AKTV
- Type: sports programming block
- Branding: AKTV on IBC-13
- Country: Philippines
- Availability: Defunct
- Founded: June 5, 2011
- Owner: TV5 Network (MediaQuest Holdings)
- Parent: Sports5/ESPN5/One Sports
- Launch date: June 5, 2011
- Dissolved: May 31, 2013
- Former names: Viva TV on IBC (block) (1999–2003)
- Former affiliations: Intercontinental Broadcasting Corporation
- Official website: www.interaktv.ph
- Language: Filipino (main) English (secondary)
- Replaced by: IBC programming Sports5/ESPN5 programming (AksyonTV/5 Plus, Hyper/One Sports and RPTV)

= AKTV =

Defunct primetime sports programming block in the Philippines

AKTV (pronounced "active", officially branded as AKTV on IBC) was the primetime sports programming block in the Philippines. Owned and operated by TV5, it occupied the 5 pm to 11 pm timeslot of IBC; weekend coverage usually began at 11 am to 11 pm. It started on June 5, 2011, and it ended on May 31, 2013 due to high airtime costs and low ratings.

==History==
IBC signed a blocktime agreement with TV5's sports division Sports5 to air live sports coverage via its new programming block AKTV. It was launched on June 5, 2011, with the AKTV Run held outside SM Mall of Asia in Bay City, Pasay.

===Cancellation===
However, on April 11, 2013, TV5 announced that the blocktime agreement with IBC would not be renewed, meaning AKTV would cease broadcasting on May 31, 2013. The move was due to high cost and low ratings given by IBC to air over the channel.
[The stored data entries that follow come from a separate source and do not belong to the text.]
Lemma iter_add_closed (U : R -> Prop) :
    (forall x y, U x -> U y -> U (x + y)) ->
  forall n x, (forall k l, (k + l = n)%N -> U (iter k d (iter l d' x))) ->
    U (iter n (fun y => d y + d' y) x).
Proof.
move=> UD.
have iter_d'_d l x : iter l d' (d x) = d (iter l d' x).
  by elim: l x => [|l IH] x //=; rewrite IH dd'.
have sumD x y : d (x + y) + d' (x + y) = (d x + d' x) + (d y + d' y).
  by rewrite dD d'D addrACA.
elim=> [|n IH] x Ux; first exact: (Ux 0%N 0%N).
rewrite iterSr (iterD sumD); apply: UD; apply: IH => k l kl.
- by rewrite iter_d'_d -iterSr; apply: Ux; rewrite addSn kl.
- by rewrite -iterSr; apply: Ux; rewrite addnS kl.
Qed.

Lemma iter_equicontinuous_add :
  iter_equicontinuous T d -> iter_equicontinuous T d' ->
  iter_equicontinuous T (fun x => d x + d' x).
Proof.
move=> equi equi' m; have [n1 hn1] := equi m; have [n2 hn2] := equi' n1.
exists n2 => n x hx; apply: iter_add_closed; first exact: fsysD.
by move=> k l _; apply/hn1/hn2.
Qed.

Lemma iter_cvg0_add :
  iter_equicontinuous T d -> iter_cvg0 T d -> iter_cvg0 T d' ->
  iter_cvg0 T (fun x => d x + d' x).
Proof.
move=> equi cvg0 cvg0' b m; have [n1 hn1] := equi m.
have [M hM] := cvg0' b n1.
have [K hK] := eventually_forall_lt (fun l => cvg0 (iter l d' b) m) M.
exists (K + M)%N => n KMn; apply: iter_add_closed; first exact: fsysD.
move=> k l kl; case: (ltnP l M) => lM; first by apply: hK => //; lia.
by apply/hn1/hM.
Qed.
(* For integers $k\ge2$, let $F_k$ be the non-abelian free group of rank $k$. Then the true prosoluble completions $P\mathcal{S}(F_k)$, $k\ge 2$, are pairwise non-isomorphic (as topological groups).
   Context: For a group $\Gamma$, the true prosoluble completion $P\mathcal{S}(\Gamma)$ is the completion of $\Gamma/\bigcap N$ for the topology whose basis of neighbourhoods of the identity consists of the images of the normal subgroups $N$ of $\Gamma$ with $\Gamma/N$ soluble; equivalently it is the inverse limit $\varprojlim\Gamma/N$ over such $N$, with the inverse limit topology. *)

From Stdlib Require List.
From mathcomp Require Import all_boot.
Set Implicit Arguments. Unset Strict Implicit. Unset Printing Implicit Defensive.

Record grp := Grp {
  gcar : Type;
  gset : gcar -> Prop;
  gmul : gcar -> gcar -> gcar;
  ginv : gcar -> gcar;
  gone : gcar }.

Definition subset_of {T : Type} (A B : T -> Prop) := forall x, A x -> B x.

Section GroupNotions.
Variable G : grp.
Local Notation T := (@gcar G).
Local Notation S := (@gset G).
Local Notation mul := (@gmul G).
Local Notation inv := (@ginv G).

Definition is_subgroup (H : T -> Prop) :=
  subset_of H S /\ H (@gone G) /\
  (forall a b, H a -> H b -> H (mul a b)) /\ (forall a, H a -> H (inv a)).

Definition is_normal (N : T -> Prop) :=
  is_subgroup N /\ forall g n, S g -> N n -> N (mul (mul (inv g) n) g).

Definition gen (A : T -> Prop) : T -> Prop :=
  fun x => forall H, is_subgroup H -> subset_of A H -> H x.

Definition commg (a b : T) := mul (mul (inv a) (inv b)) (mul a b).

Definition derived_sub (H : T -> Prop) : T -> Prop :=
  gen (fun x => exists a b, H a /\ H b /\ x = commg a b).

Definition derived (n : nat) : T -> Prop := iter n derived_sub S.

(* N normal with G/N soluble: the n-th derived subgroup of G/N, which is the
   image of G^(n), is trivial for some n, i.e. G^(n) <= N. *)
Definition soluble_quotient (N : T -> Prop) :=
  is_normal N /\ exists n, subset_of (derived n) N.

Definition lcoset (g : T) (N : T -> Prop) : T -> Prop :=
  fun x => exists n, N n /\ x = mul g n.

(* Elements of the inverse limit  lim_{N} G/N  (N ranging over the normal
   subgroups with soluble quotient), encoded as families x : N |-> x N of
   cosets; outside the index set the family is the empty set (normalisation). *)
Definition PS_carrier (x : (T -> Prop) -> (T -> Prop)) :=
  (forall N, soluble_quotient N -> exists g, S g /\ x N = lcoset g N) /\
  (forall N, ~ soluble_quotient N -> x N = (fun _ => False)) /\
  (forall M N, soluble_quotient M -> soluble_quotient N ->
     subset_of M N -> subset_of (x M) (x N)).

Definition PS_mul (x y : (T -> Prop) -> (T -> Prop)) : (T -> Prop) -> (T -> Prop) :=
  fun N z => exists a b, x N a /\ y N b /\ z = mul a b.

Definition agree_on (L : list (T -> Prop)) (x y : (T -> Prop) -> (T -> Prop)) :=
  forall N, List.In N L -> x N = y N.

End GroupNotions.

Definition PSel (G : grp) := (gcar G -> Prop) -> (gcar G -> Prop).

(* Continuity of f : PS(G) -> PS(H) for the inverse limit topologies (subspace
   of the product of the discrete quotients): the preimage of every subbasic
   open set {y | y N = f x N} contains a basic open neighbourhood of x. *)
Definition PS_continuous (G H : grp) (f : PSel G -> PSel H) :=
  forall x, PS_carrier x -> forall N, soluble_quotient N ->
    exists L : list (gcar G -> Prop),
      (forall M, List.In M L -> soluble_quotient M) /\
      forall y, PS_carrier y -> agree_on L x y -> f y N = f x N.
Broadcasts of the NCAA basketball tournament, and the United Football League were moved to AksyonTV/5 Plus, although Sports5 (now One Sports)-produced PBA games continue to air in the channel until October 6. IBC, later signed another blocktime agreement with Asian Television Content Corporation, to air a new set of primetime programs under ATC @ IBC, which is set to aired on June 2, 2014. Until August 31, 2014, the ATC @ IBC primetime block was cancelled due to poor ratings and loss of advertisers' support. It is later noted that, despite the expiration of blocktime agreement, TV5 continues to use IBC-13's Broadcast City facilities for sports events including its 2014 FIBA Basketball World Cup coverage; as MediaQuest Holdings is a possible bidder for the privatization of IBC-13. However, MediaQuest could not join the privatization bid due to ownership rules and regulations that MediaQuest owns TV5 and AksyonTV.

==Programming==
===Final sports specials/coverage===
- 2011 FIBA Americas Championship (August 31–September 12, 2011)
- 2011 FIBA Asia Champions Cup
- 2011 FIBA Asia Championship
- 2011 LBC Ronda Pilipinas
- 2011 PBA Draft (August 28, 2011)
- 2011 SEA Games
- 2011 William Jones Cup
- 2012 AFF Suzuki Cup (November–December 2012)
- 2012 DFL-Supercup
- 2012 FIBA Asia Cup
- 2012 London Olympics
- 2012 William Jones Cup
- AIBA European Continental Championships
- AIBA Junior World Championships
- Aliwan Fiesta 2012
- Australian Open (2012, 2013)
- ATP World Master Tours
- Barclays Premier League
- Bundesliga
- BWF Grand Prix
- EuroBasket 2011
- F1 Grand Prix
- La Liga
- PartyPoker.com World Cup of Pool
- PBA Dream Game 2012 (February 2012)
- RHB Singapore Cup
- Smart Ultimate All-Star Weekend (July 23–24, 2011)
- UEFA Euro 2012
- Wimbledon Championship
- World 10-Ball Championship
- World Sumo Challenge

===Former===
- AKTV Center (2011–2013)
- Bigtime Bakbakan (2011–2013)
- Fight Sports BWF (2011–2013)
- Fight Sports Greatest Classics (2011–2013)
- Fight Sports Knockouts (2011–2013)
- Fight Sports Wide World of Fights (2011–2013)
- Fight Sports World Championship Kick Boxing (2011–2013)
- Fight Quest (2011–2013)
- Knockout Sportsworld (2011–2013)
- NCAA on AKTV (2012)
- Pacific Xtreme Combat (2011–2013)
- PBA on AKTV (2011–2013)
- PBA D-League (2011–2013)
- Shakey's V-League (2012–2013)
- The Main Event (2011–2013)
- United Football League (2011–2013)
- Whacked Out Sports (2012–2013)
- WWE Bottom Line (2012–2013)
- WWE SmackDown (2012–2013)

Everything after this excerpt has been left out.